Interesting @vesparny , I suppose cachedAddresses in there is the object you store in the AsyncStorage, right?

This will work, however I would find it preferable to make use of database-like engine instead of AsyncStorage, which I believe is a key-value storage, right?

The indexed db in this case would allow for more complex queries to be performed more efficiently. Correct me if I'm wrong, but I think that you're loading all the user's txs in memory here. If that's the case it might work fine for simple wallets, but will become increasingly costly as the wallet usage increases.

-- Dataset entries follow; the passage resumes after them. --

Fixpoint ins (b : R * R) (l : list (R * R)) : list (R * R) :=
  match l with
  | [] => [b]
  | c :: l' => if Rle_dec (snd c) (snd b) then b :: c :: l' else c :: ins b l'
  end.

Fixpoint isort (l : list (R * R)) : list (R * R) :=
  match l with
  | [] => []
  | b :: l' => ins b (isort l')
  end.

Fixpoint place (bs : list (R * R)) (off x : R) : R :=
  match bs with
  | [] => 0
  | (w, h) :: bs' => if Rlt_dec x (off + w) then h else place bs' (off + w) x
  end.

Definition Gibbs (kB T : R) (rho : state) (x : R) : R :=
  if Rlt_dec x 0 then 0 else place (isort (blocks kB T rho)) 0 x.

Definition mix_ok (f g : R -> R) (m : R) : Prop :=
  0 < m /\
  forall l, 0 <= l ->
    forall (pr1 : Riemann_integrable f 0 l) (pr2 : Riemann_integrable g 0 (l * m)),
      RiemannInt pr1 >= RiemannInt pr2.

Definition is_M (f g : R -> R) (m : R) : Prop :=
  mix_ok f g m /\ forall m', mix_ok f g m' -> m' <= m.

Definition M (f g : R -> R) : R := epsilon (inhabits 0) (is_M f g).

Definition W (kB T eps : R) (rho sigma : state) : R :=
  kB * T * ln (M (fun x => Gibbs kB T rho x / (1 - eps)) (Gibbs kB T sigma)).

(** For a density g write  cum g l = \int_0^l g.  For integrable densities,
    M(f || g) is the largest m > 0 that is "admissible" for the cumulative
    functions, i.e. with  cum g (l m) <= cum f l  for every l >= 0.

    W^0(A -> A) = 0 because
      the maximum for F = G is 1. *)

From Stdlib Require Import Reals Arith Lra Lia List Classical ClassicalEpsilon
  FunctionalExtensionality.
From Coquelicot Require Import Coquelicot.
Import ListNotations.
Open Scope R_scope.

(** ** Integrals and cumulative functions *)

Lemma RInt_cst (c a b : R) : RInt (fun _ => c) a b = c * (b - a).
Proof. rewrite RInt_const. unfold scal; simpl; unfold mult; simpl. ring. Qed.

Lemma RInt_ext_le (f g : R -> R) (a b : R) :
  a <= b -> (forall x, a < x < b -> f x = g x) -> RInt f a b = RInt g a b.
Proof.
  intros Hab H. apply RInt_ext. intros x Hx.
  rewrite Rmin_left, Rmax_right in Hx by lra. now apply H.
Qed.

Lemma ex_RInt_ext_le (f g : R -> R) (a b : R) :
  a <= b -> (forall x, a < x < b -> f x = g x) -> ex_RInt f a b -> ex_RInt g a b.
Proof.
  intros Hab H. apply ex_RInt_ext. intros x Hx.
  rewrite Rmin_left, Rmax_right in Hx by lra. now apply H.
Qed.

Lemma ex_RInt_glue (f : R -> R) (c : R) :
  (forall a b, a <= b <= c -> ex_RInt f a b) ->
  (forall a b, c <= a <= b -> ex_RInt f a b) ->
  forall a b, ex_RInt f a b.
Proof.
  intros Hleft Hright.
  assert (Hord : forall a b, a <= b -> ex_RInt f a b).
  { intros a b Hab.
    destruct (Rle_dec b c); [apply Hleft; lra|].
    destruct (Rle_dec c a); [apply Hright; lra|].
    apply ex_RInt_Chasles with c; [apply Hleft | apply Hright]; lra. }
  intros a b. destruct (Rle_dec a b); [now apply Hord|].
  apply ex_RInt_swap, Hord; lra.
Qed.

Definition cum (g : R -> R) (l : R) : R := RInt g 0 l.

Section Cumulative.
Variable g : R -> R.
Hypothesis g_int : forall a b, ex_RInt g a b.

Lemma cum_0 : cum g 0 = 0.
Proof. unfold cum. now rewrite RInt_point. Qed.

Lemma cum_increment (x y : R) : cum g y - cum g x = RInt g x y.
Proof.
  unfold cum. rewrite <- (RInt_Chasles g 0 x y) by auto.
  unfold plus; simpl. ring.
Qed.

Lemma cum_increment_lower (c x y : R) :
  x <= y -> (forall z, x < z < y -> c <= g z) -> c * (y - x) <= cum g y - cum g x.
Proof.
  intros Hxy Hc. rewrite cum_increment, <- RInt_cst.
  apply RInt_le; auto. apply ex_RInt_const.
Qed.

Lemma cum_increment_upper (H x y : R) :
  x <= y -> (forall z, x < z < y -> g z <= H) -> cum g y - cum g x <= H * (y - x).
Proof.
  intros Hxy HH. rewrite cum_increment, <- RInt_cst.
  apply RInt_le; auto. apply ex_RInt_const.
Qed.

Lemma ex_RInt_div (q a b : R) : ex_RInt (fun x => g x / q) a b.
Proof.
  apply ex_RInt_ext with (fun x => scal (/ q) (g x)).
  - intros x _. unfold scal; simpl; unfold mult; simpl. unfold Rdiv. ring.
  - apply (ex_RInt_scal (V := R_NormedModule)), g_int.
Qed.

Lemma cum_div (q : R) : cum (fun x => g x / q) = fun l => cum g l / q.
Proof.
  apply functional_extensionality. intros l. unfold cum.
  pose proof (RInt_scal (V := R_CompleteNormedModule) g 0 l (/ q) (g_int 0 l)) as E.
  unfold scal in E; simpl in E; unfold mult in E; simpl in E.
  unfold Rdiv. rewrite Rmult_comm, <- E. apply RInt_ext. intros x _. apply Rmult_comm.
Qed.

End Cumulative.

(** ** Admissible rescalings *)

Definition admissible (F G : R -> R) (m : R) : Prop :=
  0 < m /\ forall l, 0 <= l -> G (l * m) <= F l.

Lemma mix_ok_admissible (f g : R -> R) (m : R) :
  (forall a b, ex_RInt f a b) -> (forall a b, ex_RInt g a b) ->
  mix_ok f g m <-> admissible (cum f) (cum g) m.
Proof.
  intros Hf Hg. unfold mix_ok, admissible, cum. split.
  - intros [Hm H]. split; auto. intros l Hl.
    specialize (H l Hl (ex_RInt_Reals_0 _ _ _ (Hf 0 l))
                  (ex_RInt_Reals_0 _ _ _ (Hg 0 (l * m)))).
    rewrite <- !RInt_Reals in H. lra.
  - intros [Hm H]. split; auto. intros l Hl pr1 pr2.
    rewrite <- !RInt_Reals. specialize (H l Hl). lra.
Qed.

But regarding this feature, I'd also like to hear from @KayBeSee as I noted this line in the features in the readme file:

Stateless: There is no database. The app is populated from a password encrypted configuration file

This will of course not be the case if we were to implement this. The possibility of encrypting this data was also raised, but in that case I think we lose the querying capabilities the indexed db would allow for. My question would be, is it really important that the wallet is stateless and doesn't leave a footprint like a tx history? I get it that that's a good privacy bonus, but it would come at odds with usability, what do you guys think?

KayBeSee commented 3 years ago

I would love to store previously queried data on Lily since I am noticing too that it takes a while to startup and load all the transaction history and UTXOs for my wallets.

The most rudimentary way of doing this without modifying too much code would be to store the accountMap object that gets constructed at startup as a JSON or encrypted text file like the config and just load that at the start like the config file.

Once that's loaded then start making network calls starting from "tail" points like the last address with a transaction and addresses with UTXOs connected to them from the previous lookup. Once those points have been scanned then we can dive deeper to older addresses just to make sure no funds have been sent there.

I am leaning towards the AsyncStorage idea just because React-Native uses that as well and so I can reuse a lot of the code for the mobile app. I could be persuaded to use a more robust database solution though. What kind of queries would we need an indexed db over just a file?

vesparny commented 3 years ago

@bilthon yes exactly, it's just an array of addresses and their corresponding indexes, nothing fancy. I didn't need any particular query so I just store everything in the async storage. So far handles hundreds of addresses in milliseconds. No big deal

KayBeSee commented 3 years ago

Still working towards this but holding off for now since querying Electrum is 10x as fast for startup now. Probably makes sense to couple with #59 still.